What to produce >> State only the number of lines below where the word "assumption" is found.

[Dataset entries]
(* Let $\mathcal{G}=(\mathcal{V},\mathcal{E})$ be connected, $c\in\mathbb{R}^n$, $\bar c=\frac1n\sum_ic_i$, $R_0=\tfrac12\|c-\bar c\mathbf{1}\|^2$, and let $\{\lambda^t\}_{t\ge0}$ be positive stepsizes. Set $x^0=c$ and for $t\ge0$ choose $e=(i,j)\in\mathcal{E}$ uniformly at random (independently across iterations); if $x_i^t<x_j^t$ set $x_i^{t+1}=x_i^t+\lambda^t$, $x_j^{t+1}=x_j^t-\lambda^t$; otherwise set $x_i^{t+1}=x_i^t-\lambda^t$, $x_j^{t+1}=x_j^t+\lambda^t$; all other coordinates are unchanged. Let $L^t=\frac1m\sum_{(i,j)\in\mathcal{E}}|x_i^t-x_j^t|$, $\alpha^k=\sum_{t=0}^k\lambda^t$, $\beta^k=\sum_{t=0}^k(\lambda^t)^2$. Then for all $k\ge1$ $$\min_{t=0,\dots,k}\mathbb{E}[L^t]\le\sum_{t=0}^k\frac{\lambda^t}{\alpha^k}\mathbb{E}[L^t]\le U^k:=\frac{R_0}{\alpha^k}+\frac{\beta^k}{\alpha^k}.$$ Moreover: (i) if $\lambda^t=\lambda^0>0$ for all $t$, then $U^k=\frac{R_0}{\lambda^0(k+1)}+\lambda^0$; (ii) for fixed $k$ and any $R>0$, over all positive $(\lambda^0,\dots,\lambda^k)$ the quantity $\frac{R+\beta^k}{\alpha^k}$ is minimized by $\lambda^t=\sqrt{R/(k+1)}$ for all $t\le k$, with minimum value $2\sqrt{R/(k+1)}$; in particular if $R\ge R_0$ this choice gives $U^k\le2\sqrt{R/(k+1)}$; (iii) if $\lambda^t=a/\sqrt{t+1}$ with $a>0$, then $$U^k\le\frac{R_0+a^2(\log(k+3/2)+\log 2)}{2a(\sqrt{k+2}-1)}.$$
   Context: $\mathcal{G}$ is an undirected graph with vertices $\mathcal{V}=\{1,\dots,n\}$ and $m=|\mathcal{E}|$ edges, each edge $e=(i,j)$ having an arbitrary but fixed orientation; $\mathbf{1}$ is the all-ones vector in $\mathbb{R}^n$ and $\|\cdot\|$ the Euclidean norm. *)

From Stdlib Require Import Reals Lra Lia List.
Import ListNotations.
Open Scope R_scope.

(* An edge (i,j) with a fixed orientation; vertices are 0..n-1. *)
Definition edge := (nat * nat)%type.

(* Real-valued vectors indexed by vertices (only coordinates < n matter). *)
Definition vec := nat -> R.

Definition sumR (l : list R) : R := fold_right Rplus 0 l.

Definition simple_graph (n : nat) (E : list edge) : Prop :=
  NoDup E /\
  (forall i j, In (i, j) E -> (i < n)%nat /\ (j < n)%nat /\ i <> j) /\
  (forall i j, In (i, j) E -> ~ In (j, i) E).

Inductive reach (E : list edge) : nat -> nat -> Prop :=
| reach_refl : forall i, reach E i i
| reach_fwd : forall i j k, In (i, j) E -> reach E j k -> reach E i k
| reach_bwd : forall i j k, In (j, i) E -> reach E j k -> reach E i k.

Definition connected (n : nat) (E : list edge) : Prop :=
  forall i j, (i < n)%nat -> (j < n)%nat -> reach E i j.

Definition mean (n : nat) (c : vec) : R :=
  sumR (map c (seq 0 n)) / INR n.
Definition Rzero (n : nat) (c : vec) : R :=
  / 2 * sumR (map (fun i => (c i - mean n c) ^ 2) (seq 0 n)).

Definition step (lam : R) (x : vec) (e : edge) : vec :=
  let (i, j) := e in
  fun v =>
    if Nat.eqb v i then
      (if Rlt_dec (x i) (x j) then x i + lam else x i - lam)
    else if Nat.eqb v j then
      (if Rlt_dec (x i) (x j) then x j - lam else x j + lam)
    else x v.

Fixpoint run (lam : nat -> R) (t : nat) (x : vec) (s : list edge) : vec :=
  match s with
  | [] => x
  | e :: s' => run lam (S t) (step (lam t) x e) s'
  end.

(* x^t as a function of the first t edge choices (x^0 = c). *)
Definition iterate (lam : nat -> R) (c : vec) (s : list edge) : vec :=
  run lam 0 c s.

(* All sequences of length t of edges from E (the sample space for t draws). *)
Fixpoint seqs (E : list edge) (t : nat) : list (list edge) :=
  match t with
  | O => [ [] ]
  | S t' => flat_map (fun e => map (cons e) (seqs E t')) E
  end.

Definition Lfun (E : list edge) (x : vec) : R :=
  / INR (length E) * sumR (map (fun e => Rabs (x (fst e) - x (snd e))) E).

(* E[L^t] with i.i.d. uniform edge choices: average over all m^t sequences. *)
Definition ExpL (E : list edge) (lam : nat -> R) (c : vec) (t : nat) : R :=
  (/ INR (length E)) ^ t *
  sumR (map (fun s => Lfun E (iterate lam c s)) (seqs E t)).

Definition alpha (lam : nat -> R) (k : nat) : R := sum_f_R0 lam k.
Definition beta (lam : nat -> R) (k : nat) : R := sum_f_R0 (fun t => lam t ^ 2) k.

Fixpoint min_upto (f : nat -> R) (k : nat) : R :=
  match k with
  | O => f O
  | S k' => Rmin (min_upto f k') (f k)
  end.

Definition Ubound (R0v : R) (lam : nat -> R) (k : nat) : R :=
  R0v / alpha lam k + beta lam k / alpha lam k.

(** The potential [Φ x = ½ ‖x − c̄ 1‖²] drives the argument. A step along
    [e = (i, j)] with stepsize [λ] moves [x_i] and [x_j] by [λ] towards each other,
    so it lowers [Φ] by exactly [λ |x_i − x_j|] and raises it by [λ²]. Averaging over
    the uniformly chosen edge gives [E Φ(x^{t+1}) = E Φ(x^t) − λ^t E[L^t] + (λ^t)²];
    telescoping from [Φ(x^0) = R_0] and using [Φ ≥ 0] yields
    [Σ_t λ^t E[L^t] ≤ R_0 + β^k], and the minimum is at most the weighted average.
    For (ii), Cauchy–Schwarz gives [(α^k)² ≤ (k+1) β^k], and then AM–GM bounds
    [(R + β^k)/α^k] below by [2 √(R/(k+1))]. For (iii), compare the sums with integrals:
    [Σ 1/√(t+1) ≥ 2(√(k+2) − 1)] and [Σ 1/(t+1) ≤ ln (2k+3)]. *)

From Stdlib Require Import Reals List Lra Lia.
Import ListNotations.
Open Scope R_scope.

Lemma sumR_app (l1 l2 : list R) : sumR (l1 ++ l2) = sumR l1 + sumR l2.
Proof. induction l1 as [|a l1 IH]; simpl; [ring | rewrite IH; ring]. Qed.

Lemma sumR_map_flat_map {A B} (h : B -> R) (f : A -> list B) (l : list A) :
  sumR (map h (flat_map f l)) = sumR (map (fun a => sumR (map h (f a))) l).
Proof.
  induction l as [|a l IH]; simpl; [reflexivity|].
  rewrite map_app, sumR_app, IH; reflexivity.
Qed.

Lemma sumR_map_ext_in {A} (f g : A -> R) (l : list A) :
  (forall a, In a l -> f a = g a) -> sumR (map f l) = sumR (map g l).
Proof. intros H; rewrite (map_ext_in f g l H); reflexivity. Qed.

Lemma sumR_map_plus {A} (f g : A -> R) (l : list A) :
  sumR (map (fun a => f a + g a) l) = sumR (map f l) + sumR (map g l).
Proof. induction l as [|a l IH]; simpl; [ring | rewrite IH; ring]. Qed.

Lemma sumR_map_scal {A} (f : A -> R) (r : R) (l : list A) :
  sumR (map (fun a => r * f a) l) = r * sumR (map f l).
Proof. induction l as [|a l IH]; simpl; [ring | rewrite IH; ring]. Qed.

Lemma sumR_map_const {A} (r : R) (l : list A) :
  sumR (map (fun _ => r) l) = INR (length l) * r.
Proof.
  induction l as [|a l IH]; [simpl; ring|].
  simpl length; rewrite S_INR; simpl; rewrite IH; ring.
Qed.

Lemma sumR_map_nonneg {A} (f : A -> R) (l : list A) :
  (forall a, 0 <= f a) -> 0 <= sumR (map f l).
Proof. intros H; induction l as [|a l IH]; simpl; [lra | specialize (H a); lra]. Qed.

Lemma sumR_indicator_notin (i : nat) (r : R) (l : list nat) : ~ In i l ->
  sumR (map (fun v => if Nat.eqb v i then r else 0) l) = 0.
Proof.
  induction l as [|v l IH]; simpl; intros Hi; [reflexivity|].
  destruct (Nat.eqb_spec v i); [tauto|]. rewrite IH by tauto; ring.
Qed.

Lemma sumR_indicator (i : nat) (r : R) (l : list nat) : NoDup l -> In i l ->
  sumR (map (fun v => if Nat.eqb v i then r else 0) l) = r.
Proof.
  induction 1 as [|v l Hv Hl IH]; simpl; intros Hi; [tauto|].
  destruct (Nat.eqb_spec v i) as [<-|Hvi].
  - rewrite sumR_indicator_notin by exact Hv; ring.
  - rewrite IH by (destruct Hi; [congruence | assumption]); ring.
Qed.

Lemma sum_f_R0_scal (r : R) (h : nat -> R) (k : nat) :
  sum_f_R0 (fun t => r * h t) k = r * sum_f_R0 h k.
Proof. rewrite scal_sum; apply sum_eq; intros; ring. Qed.

Lemma div_le_div_compat (x x' y y' : R) :
  0 <= x <= x' -> 0 < y' <= y -> x / y <= x' / y'.
Proof.
  intros [Hx Hxx] [Hy Hyy]; unfold Rdiv.
  apply Rmult_le_compat; try lra.
  - left; apply Rinv_0_lt_compat; lra.
  - apply Rinv_le_contravar; lra.
Qed.

(** * The potential *)

Definition potential (n : nat) (M : R) (x : vec) : R :=
  / 2 * sumR (map (fun v => (x v - M) ^ 2) (seq 0 n)).

Lemma potential_nonneg n M x : 0 <= potential n M x.
Proof.
  unfold potential; apply Rmult_le_pos; [lra|].
  apply sumR_map_nonneg; intros; apply pow2_ge_0.
Qed.

Lemma potential_step n M lam x i j :
  (i < n)%nat -> (j < n)%nat -> i <> j ->
  potential n M (step lam x (i, j)) = potential n M x - lam * Rabs (x i - x j) + lam ^ 2.
Proof.
  intros Hi Hj Hij; unfold potential.
  set (xi := if Rlt_dec (x i) (x j) then x i + lam else x i - lam).
  set (xj := if Rlt_dec (x i) (x j) then x j - lam else x j + lam).
  rewrite (sumR_map_ext_in _ (fun v => ((x v - M) ^ 2
     + (if Nat.eqb v i then (xi - M) ^ 2 - (x i - M) ^ 2 else 0))
     + (if Nat.eqb v j then (xj - M) ^ 2 - (x j - M) ^ 2 else 0))).
  2:{ intros v _; unfold step; fold xi xj.
      destruct (Nat.eqb_spec v i), (Nat.eqb_spec v j); subst; try lia; ring. }
  rewrite !sumR_map_plus, !sumR_indicator by (apply seq_NoDup || (apply in_seq; lia)).
  unfold xi, xj; destruct (Rlt_dec (x i) (x j)).
  - rewrite Rabs_left by lra; lra.
  - rewrite Rabs_right by lra; lra.
Qed.

Lemma INR_length_pos {A} (l : list A) : l <> nil -> 0 < INR (length l).
Proof. intros Hl; apply lt_0_INR; destruct l; [congruence | simpl; lia]. Qed.

Lemma potential_mean_step n M E lam x : simple_graph n E -> E <> nil ->
  / INR (length E) * sumR (map (fun e => potential n M (step lam x e)) E) =
  potential n M x - lam * Lfun E x + lam ^ 2.
Proof.
  intros [_ [HE _]] Hne.
  rewrite (sumR_map_ext_in _ (fun e => (potential n M x + lam ^ 2)
                                     + - lam * Rabs (x (fst e) - x (snd e)))).
  2:{ intros [i j] Hin; destruct (HE i j Hin) as [Hi [Hj Hij]].
      rewrite potential_step by assumption; simpl; ring. }
  rewrite sumR_map_plus, sumR_map_const, sumR_map_scal.
  pose proof (INR_length_pos E Hne); unfold Lfun, edge in *; field; lra.
Qed.

(** * Expectations over edge sequences *)

Lemma In_seqs_length E t s : In s (seqs E t) -> length s = t.
Proof.
  revert s; induction t as [|t IH]; intros s Hs; simpl in Hs.
  - destruct Hs as [<-|[]]; reflexivity.
  - apply in_flat_map in Hs as [e [_ Hs]]; apply in_map_iff in Hs as [s' [<- Hs]].
    simpl; rewrite (IH s' Hs); reflexivity.
Qed.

Solution for this task >> 2